This exercise is not like other diet regimes or fads. This is simply the process of conscious eating. It surely constrains distractions, but that is the first step to adopting a healthy lifestyle. Food fuels your mind and body, so it makes sense for you to be aware of what you are inserting in the temple of your body? Once you practice it, you will feel great about treating your gut, body and brain right by letting them experience the same awareness by osmosis.

Mindful eating practices

Mindfulness is a gift we give ourselves to keep our mind and bodies connected to the present. Do you eat in a rush or get lost in thought spirals? Well, we have news. Such overthinking fools our minds into believing that the mere act of eating has nothing to do with being fulfilled but is supplementary to other actions and activities. This is why we fall prey to binge-eating while watching Netflix or stress eat or feel cranky even after consuming a healthy meal.

A simple pleasure of mindful eating can make you aware of how much food your body needs for the day. This will, in turn, lead to weight management, improved energy, more focus and release of serotonin – the feel-good hormones that make you feel positive about yourselves. 

So, what happens when this relationship with food and the act of eating is not nurtured? To put it broadly, we look at food very negatively.

Negative thinking practices during eating like, “this will only make me fat”, “I am feeling guilty of having this”, “I have no other choice but to live with this” etc. lead to stress. Your body releases cortisol aka the “stress hormone”, leading to an increase in heart rate and blood pressure, thus, storing the food as fat. No matter what nutritional value the meal provides, even if it is healthy, it will be counted as fat to respond to the “fight or flight” situation you’ve created with these thoughts. 

Chronically stressed? Cortisol can lead to an increase in appetite. This is the primary reason you tend to binge-eat, unbeknownst to the fact that it is only making you worse: physically, emotionally and mentally.

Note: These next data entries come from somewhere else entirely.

(* Let $\mathcal{R}$ be a left-linear TRS, $t$ a partial term in $\mathcal{R}$, and $U$ a set of pairwise non-conflicting redex occurrences in $t$. Then $U$ has a complete development in $t$.
   Context: Partial terms are terms over $\Sigma_\bot=\Sigma\uplus\{\bot\}$ ordered by $\le_\bot$ (replacing subterms by $\bot$), a complete semilattice; $\liminf_{\iota\to\alpha}a_\iota=\bigvee_{\beta<\alpha}\bigwedge_{\beta\le\iota<\alpha}a_\iota$. A reduction $(t_\iota\to_{\pi_\iota}t_{\iota+1})_{\iota<\alpha}$ with contexts $c_\iota$ ($t_\iota$ with position $\pi_\iota$ replaced by $\bot$) strongly $p$-converges to $t$ if $\liminf_{\iota\to\lambda}c_\iota=t_\lambda$ for limits $\lambda<\alpha$ and $t$ is the last term (closed) or $t=\liminf_{\iota\to\alpha}c_\iota$ (open). Two distinct redex occurrences $u,v$ are conflicting if $v=u\cdot\pi$ with $\pi$ a pattern (function-symbol) position of the redex at $u$, or vice versa. Descendants $U/S$ of non-$\bot$ positions: identity for the empty reduction; for a step at $\pi$ with $l\to r$, $u$ is kept if $\pi\not\le u$, deleted if it lies in the pattern, and copied to $\pi\cdot w'\cdot x$ for all $w'$ with $r|_{w'}=l|_w$ if $u=\pi\cdot w\cdot x$ with $l|_w$ a variable; composed at successors; at a limit $\alpha$, $u\in U/S$ iff $u$ is a non-$\bot$ position of the final term and $u\in U/(S|_\iota)$ for all $\iota$ from some $\beta<\alpha$ on. A development of $U$ is a strongly $p$-converging reduction whose $\iota$-th step contracts a redex at a position in $U/(S|_\iota)$; it is complete if $U/S=\emptyset$. *)

From Stdlib Require Import List Arith.
Import ListNotations.
Set Implicit Arguments.

Section Terms.
Variables (F V : Type) (arity : F -> nat).

Inductive sym : Type := SFun (f : F) | SVar (x : V) | SBot.

(* a (possibly infinite) partial term: the partial map position |-> symbol;
   positions are root-to-leaf lists of argument indices *)
Definition term := list nat -> option sym.

Definition wf (t : term) : Prop :=
  t [] <> None /\
  forall p i, t (p ++ [i]) <> None <-> exists f, t p = Some (SFun f) /\ i < arity f.

Definition total (t : term) : Prop := forall p, t p <> Some SBot.
Definition finite_term (t : term) : Prop :=
  exists n, forall p, t p <> None -> length p <= n.
Definition var_of (t : term) (x : V) : Prop := exists p, t p = Some (SVar x).
Definition linear (t : term) : Prop :=
  forall p q x, t p = Some (SVar x) -> t q = Some (SVar x) -> p = q.

Record rule := Rule { lhs : term; rhs : term }.

Definition is_trs (R : rule -> Prop) : Prop :=
  forall rho, R rho ->
    wf (lhs rho) /\ wf (rhs rho) /\ total (lhs rho) /\ total (rhs rho) /\
    finite_term (lhs rho) /\ (exists f, lhs rho [] = Some (SFun f)) /\
    (forall x, var_of (rhs rho) x -> var_of (lhs rho) x).

Definition left_linear_trs (R : rule -> Prop) : Prop :=
  is_trs R /\ forall rho, R rho -> linear (lhs rho).

Definition subterm (t : term) (u : list nat) : term := fun p => t (u ++ p).

Definition is_prefix (u p : list nat) : Prop := exists w, p = u ++ w.

Definition replace (t : term) (u : list nat) (s : term) : term :=
  fun p => if list_eq_dec Nat.eq_dec (firstn (length u) p) u
           then s (skipn (length u) p) else t p.

Definition botterm : term := fun p => match p with [] => Some SBot | _ => None end.

Fixpoint substf (sigma : V -> term) (l : term) (w p : list nat) : option sym :=
  match l w with
  | Some (SVar x) => sigma x p
  | _ => match p with
         | [] => l w
         | i :: p' => substf sigma l (w ++ [i]) p'
         end
  end.
Definition subst (sigma : V -> term) (l : term) : term := substf sigma l [].

Definition rstep (R : rule -> Prop) (s : term) (pi : list nat) (rho : rule) (s' : term) : Prop :=
  R rho /\ exists sigma : V -> term,
    subterm s pi = subst sigma (lhs rho) /\ s' = replace s pi (subst sigma (rhs rho)).

Definition redex_at (R : rule -> Prop) (t : term) (u : list nat) (rho : rule) : Prop :=
  R rho /\ exists sigma, subterm t u = subst sigma (lhs rho).
Definition redex_occ (R : rule -> Prop) (t : term) (u : list nat) : Prop :=
  exists rho, redex_at R t u rho.

Definition pattern_pos (rho : rule) (w : list nat) : Prop :=
  exists f, lhs rho w = Some (SFun f).

Definition conflicting (R : rule -> Prop) (t : term) (u v : list nat) : Prop :=
  u <> v /\
  ((exists pi rho, v = u ++ pi /\ redex_at R t u rho /\ pattern_pos rho pi) \/
   (exists pi rho, u = v ++ pi /\ redex_at R t v rho /\ pattern_pos rho pi)).

Definition le_bot (s t : term) : Prop :=
  forall p x, s p = Some x -> x <> SBot -> t p = Some x.

Definition is_glb (P : term -> Prop) (g : term) : Prop :=
  wf g /\ (forall s, P s -> le_bot g s) /\
  (forall h, wf h -> (forall s, P s -> le_bot h s) -> le_bot h g).
Definition is_lub (P : term -> Prop) (g : term) : Prop :=
  wf g /\ (forall s, P s -> le_bot s g) /\
  (forall h, wf h -> (forall s, P s -> le_bot s h) -> le_bot g h).

Definition nonbot_pos (t : term) (u : list nat) : Prop :=
  exists x, t u = Some x /\ x <> SBot.

Definition pset := list nat -> Prop.
Definition pseteq (A B : pset) : Prop := forall u, A u <-> B u.

Definition desc_step (rho : rule) (pi : list nat) (U : pset) : pset :=
  fun v => exists u, U u /\
    ((~ is_prefix pi u /\ v = u) \/
     (exists w x y w', u = pi ++ w ++ x /\ lhs rho w = Some (SVar y) /\
                       rhs rho w' = Some (SVar y) /\ v = pi ++ w' ++ x)).

(* transfinite reductions: the steps are indexed by a well-ordered type
   (the ordinals iota < alpha); [fin] is the term t_alpha. *)
Record reduction := Reduction {
  idx : Type;
  ilt : idx -> idx -> Prop;
  tm : idx -> term;
  pos : idx -> list nat;
  rl : idx -> rule;
  fin : term
}.

Definition well_order (A : Type) (lt : A -> A -> Prop) : Prop :=
  (forall a, ~ lt a a) /\ (forall a b c, lt a b -> lt b c -> lt a c) /\
  (forall a b, lt a b \/ a = b \/ lt b a) /\ well_founded lt.

Section Red.
Variable S : reduction.
Let A := idx S.
Let lt := ilt S.

Definition succ_of (i j : A) : Prop := lt i j /\ forall k, lt i k -> j = k \/ lt j k.
Definition is_min (i : A) : Prop := forall k, ~ lt k i.
Definition is_max (i : A) : Prop := forall k, ~ lt i k.
Definition is_limit (l : A) : Prop := ~ is_min l /\ ~ exists i, succ_of i l.
Definition open_red : Prop := (exists a : A, True) /\ ~ exists m, is_max m.
Definition empty_red : Prop := forall a : A, False.

Definition ctx (i : A) : term := replace (tm S i) (pos S i) botterm.

(* liminf_{iota -> lambda} c_iota, where B is the index set {iota < lambda} *)
Definition is_liminf (B : A -> Prop) (t : term) : Prop :=
  exists g : A -> term,
    (forall b, B b -> is_glb (fun s => exists i, B i /\ (b = i \/ lt b i) /\ s = ctx i) (g b)) /\
    is_lub (fun s => exists b, B b /\ s = g b) t.

Definition sp_converging (R : rule -> Prop) (s : term) : Prop :=
  well_order lt /\
  (forall i, wf (tm S i)) /\ wf (fin S) /\
  (forall i, is_min i -> tm S i = s) /\ (empty_red -> fin S = s) /\
  (forall i j, succ_of i j -> rstep R (tm S i) (pos S i) (rl S i) (tm S j)) /\
  (forall i, is_max i -> rstep R (tm S i) (pos S i) (rl S i) (fin S)) /\
  (forall l, is_limit l -> is_liminf (fun i => lt i l) (tm S l)) /\
  (open_red -> is_liminf (fun _ => True) (fin S)).
Lemma cantor_partial_tail n k :
  cantor_partial e (n.+1 + k) <= cantor_partial e n.+1 + (qprod n)^-1 - (qprod (n + k))^-1.
Proof.
elim: k => [|k IH]; first by rewrite !addn0; lra.
rewrite addnS cantor_partialS // addnS.
have := cantor_term_le (ltn0Sn (n + k)); have := qprod_telescope (n + k).
have : 0 < (qprod (n + k).+1)^-1 by rewrite invr_gt0 qprod_gt0.
rewrite !mulrBl mul1r addSn in IH *; lra.
Qed.

Lemma cantor_partial_nondecreasing : nondecreasing_seq (cantor_partial e).
Proof.
apply/nondecreasing_seqP => -[|N]; first by rewrite /cantor_partial !big_geq.
by rewrite (@cantor_partialS e N.+1) // lerDl cantor_term_ge0.
Qed.

Lemma cantor_partial_le1 N : cantor_partial e N <= 1.
Proof.
case: N => [|N]; first by rewrite /cantor_partial big_geq.
have := cantor_partial_tail 0 N.
rewrite [cantor_partial e 1]/cantor_partial big_geq // qprod0 invr1 add1n.
by have := qprod_gt0 (0 + N); rewrite -invr_gt0; lra.
Qed.

Lemma cantor_partial_cvg : cvgn (cantor_partial e).
Proof.
apply: nondecreasing_is_cvgn; first exact: cantor_partial_nondecreasing.
by exists 1 => _ [N _ <-]; exact: cantor_partial_le1.
Qed.

Lemma cantor_partial_le_sum N : cantor_partial e N <= cantor_sum e.
Proof.
apply: nondecreasing_cvgn_le; [exact: cantor_partial_nondecreasing | exact: cantor_partial_cvg].
Qed.

Lemma cantor_sum_le n : cantor_sum e <= cantor_partial e n.+1 + (qprod n)^-1.
Proof.
apply: limr_le; first exact: cantor_partial_cvg.
exists n.+1 => // k /= nk; have := cantor_partial_tail n (k - n.+1).
rewrite subnKC //; have := qprod_gt0 (n + (k - n.+1)); rewrite -invr_gt0; lra.
Qed.

Lemma cantor_sum_le_gap n :
  cantor_sum e <= cantor_partial e n.+1 + (qprod n)^-1 - (qprod n.+1)^-1.
Proof.
apply: le_trans (cantor_sum_le n.+1) _; rewrite cantor_partialS //.
have := cantor_term_le (ltn0Sn n); have := qprod_telescope n.
have : 0 < (qprod n.+1)^-1 by rewrite invr_gt0 qprod_gt0.
rewrite !mulrBl mul1r; lra.
Qed.

End Digits.

Definition agree_upto n (e e' : nat -> int) := forall m, (0 < m <= n)%N -> e m = e' m.

Lemma agree_upto_partial e e' n : agree_upto n e e' ->
  cantor_partial e n.+1 = cantor_partial e' n.+1.
Proof.
by move=> ee'; apply: eq_big_nat => m /andP[m1 mn]; rewrite ee' // m1 -ltnS.
Qed.
(* Nondegeneracy makes u |-> (f u c_j)_j injective on U, for (c_j) a basis of
   a complement of perp U. *)
Lemma dim_perp (U : {vspace V}) : (\dim (perp U) <= n - \dim U)%N.
Proof.
set C := ((perp U)^C)%VS.
have U_ker : (U :&: lker (linfun (pairing_basisr C)) = 0)%VS.
  apply/eqP; rewrite -subv0; apply/subvP => u; rewrite memv_cap memv_ker lfunE /=.
  case/andP => uU /eqP pu0; rewrite memv0; apply/eqP/f_nondeg => y.
  have : y \in (perp U + C)%VS by rewrite addv_complf memvf.
  case/memv_addP => p /perpP pU [c cC ->].
  rewrite -[p]scale1r form_linearr mul1r pU // add0r (coord_vbasis cC) form_sumr.
  rewrite big1 // => j _.
  by have := congr1 (fun M : 'rV_ _ => M 0 j) pu0; rewrite !mxE => ->; rewrite mulr0.
have := limg_ker_dim (linfun (pairing_basisr C)) U; rewrite U_ker dimv0 add0n => <-.
have dimV : \dim (fullv : {vspace V}) = n by rewrite dimvf dim_matrix mul1r.
have := dimvS (subvf (linfun (pairing_basisr C) @: U)); rewrite dimvf dim_matrix mul1r.
have dimC : \dim C = (n - \dim (perp U))%N by rewrite dimv_compl dimV.
have := dimvS (subvf (perp U)); rewrite dimV.
lia.
Qed.

Lemma totally_isotropicP (W : VS F n) :
  reflect (forall x y, x \in W -> y \in W -> f x y = 0) (totally_isotropic f W).
Proof.
apply: (iffP forallP) => [iso x y xW yW | iso x].
  by have /forallP/(_ y) := iso x; rewrite xW yW => /eqP.
by apply/forallP => y; apply/implyP => xW; apply/implyP => yW; rewrite iso.
Qed.

Lemma totally_isotropicS (U U' : VS F n) :
  (U' <= U)%VS -> totally_isotropic f U -> totally_isotropic f U'.
Proof.
move=> U'U /totally_isotropicP iso; apply/totally_isotropicP => x y xU yU.
by apply: iso; apply: (subvP U'U).
Qed.

Lemma PmP m (W : VS F n) :
  reflect (\dim W = m /\ totally_isotropic f W) (W \in Pm f m).
Proof. by rewrite inE; apply: (iffP andP) => -[/eqP]. Qed.

Lemma card_isotropic_extending_vectors (U : VS F n) : totally_isotropic f U ->
  (#|extending_vectors (totally_isotropic f) U| <= q ^ (n - \dim U) - q ^ \dim U)%N.
Proof.
move=> /totally_isotropicP isoU.
have U_perp : (U <= perp U)%VS by apply/subvP => u uU; apply/perpP => x xU; apply: isoU.
apply: (@leq_trans #|[predD perp U & U]|).
  apply/subset_leq_card/subsetP => v /[!inE] /andP[vU /totally_isotropicP isoUv].
  rewrite vU; apply/perpP => u uU; apply: isoUv; first exact: (subvP (addvSl U _)).
  exact: (subvP (addvSr U _) _ (memv_line v)).
rewrite card_vspace_diff // leq_sub2r // leq_pexp2l ?dim_perp //.
exact: ltnW (finNzRing_gt1 F).
Qed.
(* Let $A$ and $B$ be groups, and let $a\in A$, $b\in B$ be non-trivial elements such that at least one of $a,b$ does not have order $2$. Then for every $x\in A*B$ with $x\notin\langle ab\rangle$, we have $\langle ab\rangle\cap x\langle ab\rangle x^{-1}=\{e\}$. In particular $\langle ab\rangle$ is conjugate separated in $A*B$.
   Context: A subgroup $H$ of a group $G$ is conjugate separated if for every $x\in G\setminus H$ the intersection $H\cap xHx^{-1}$ is finite. *)

From Stdlib Require Import List ZArith Relations.
Import ListNotations.
Set Implicit Arguments.

Record is_group (G : Type) (mul : G -> G -> G) (inv : G -> G) (e : G) : Prop := {
  grp_assoc : forall x y z, mul x (mul y z) = mul (mul x y) z;
  grp_mul1l : forall x, mul e x = x;
  grp_mul1r : forall x, mul x e = x;
  grp_mulVl : forall x, mul (inv x) x = e;
  grp_mulVr : forall x, mul x (inv x) = e
}.

Definition has_order2 (G : Type) (mul : G -> G -> G) (e : G) (x : G) : Prop :=
  x <> e /\ mul x x = e.

Section FreeProduct.
Variables (A B : Type).
Variables (mulA : A -> A -> A) (invA : A -> A) (eA : A).
Variables (mulB : B -> B -> B) (invB : B -> B) (eB : B).

(* Elements of A*B are represented by words in the letters of A ⊔ B. *)
Definition fword := list (A + B).

(* One elementary rewriting step of the standard presentation of A*B:
   generators A ⊔ B, relations e_A = 1, e_B = 1, x y = (x*y) within each factor. *)
Inductive fp_step : fword -> fword -> Prop :=
| fp_delA : forall u v, fp_step (u ++ inl eA :: v) (u ++ v)
| fp_delB : forall u v, fp_step (u ++ inr eB :: v) (u ++ v)
| fp_mergeA : forall u v x y,
    fp_step (u ++ inl x :: inl y :: v) (u ++ inl (mulA x y) :: v)
| fp_mergeB : forall u v x y,
    fp_step (u ++ inr x :: inr y :: v) (u ++ inr (mulB x y) :: v).

Definition fp_eq : fword -> fword -> Prop := clos_refl_sym_trans fword fp_step.

Definition fp_one : fword := [].
Definition fp_mul (u v : fword) : fword := u ++ v.
Definition fp_letter_inv (l : A + B) : A + B :=
  match l with inl x => inl (invA x) | inr y => inr (invB y) end.
Definition fp_inv (u : fword) : fword := rev (map fp_letter_inv u).

Fixpoint fp_npow (u : fword) (n : nat) : fword :=
  match n with O => fp_one | S n => fp_mul u (fp_npow u n) end.
Definition fp_zpow (u : fword) (n : Z) : fword :=
  if (0 <=? n)%Z then fp_npow u (Z.to_nat n) else fp_npow (fp_inv u) (Z.to_nat (- n)).

Definition fp_cyclic (w : fword) (y : fword) : Prop := exists n : Z, fp_eq y (fp_zpow w n).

Mindful eating can guide you to be aware of the caloric requirements of your body. You will be more aware of yourself, your thoughts, your body and emotions. Your body gives you cues of when you are hungry or feeling satiated, all you need is your senses to be aware of those requirements. Embracing your needs without judgements can help you answer, “When are you feeling hungry?”, “What does your body need?”, “Am I enjoying the food?”, “Is the portion size enough or do I need more food on my plate?”

As Bjarnadóttir explains, “Taking a step back and looking at the big picture it’s easy to see how mindful eating habits will contribute to better mental health. Simply taking time to wind down before a meal, focusing only on the food in front of you and eating it with attention and without judgment, will promote lower stress levels, decrease your eating speed, improve your digestion, and build a healthier relationship with food overall.

Redefining your relationship with food

What we eat and how we eat defines us. You can prioritise yourself by listening to your gut and its requirements. Very likely, we wouldn’t associate stomach aches to our eating habits but to the food itself. It is easy to blame the food in such instances, instead of being cognizant. This is the point where we take a turn to the road more travelled – our obsession with food, weight and body shape

Thoughts and actions linked to being overweight even when you’re dangerously underweight, excessive exercising, forced vomiting and binge eating until painfully full, uncontrollable binge eating in short periods of time are a few eating patterns that grow and breed in such conditions. Everyone is unique and so is their eating pattern. Understanding your unique cycle could bring you in sync with your daily life and actions. The more you run away from it, the more you let your obsession haunt you.  

My relationship with food changed after I started cooking my meals every day. It didn’t start out this way, but I ended up enjoying the activity of cooking. Now, with time, I understand my body better, realise when I am full and satiated, and if at all, I enjoyed the food. I realised that my eating pattern was different; I tend to get hungry every three hours. It could be a different revelation for you. The point is that mindfulness can make you aware of your eating pattern. Then, it can help you adjust how you can cater to it.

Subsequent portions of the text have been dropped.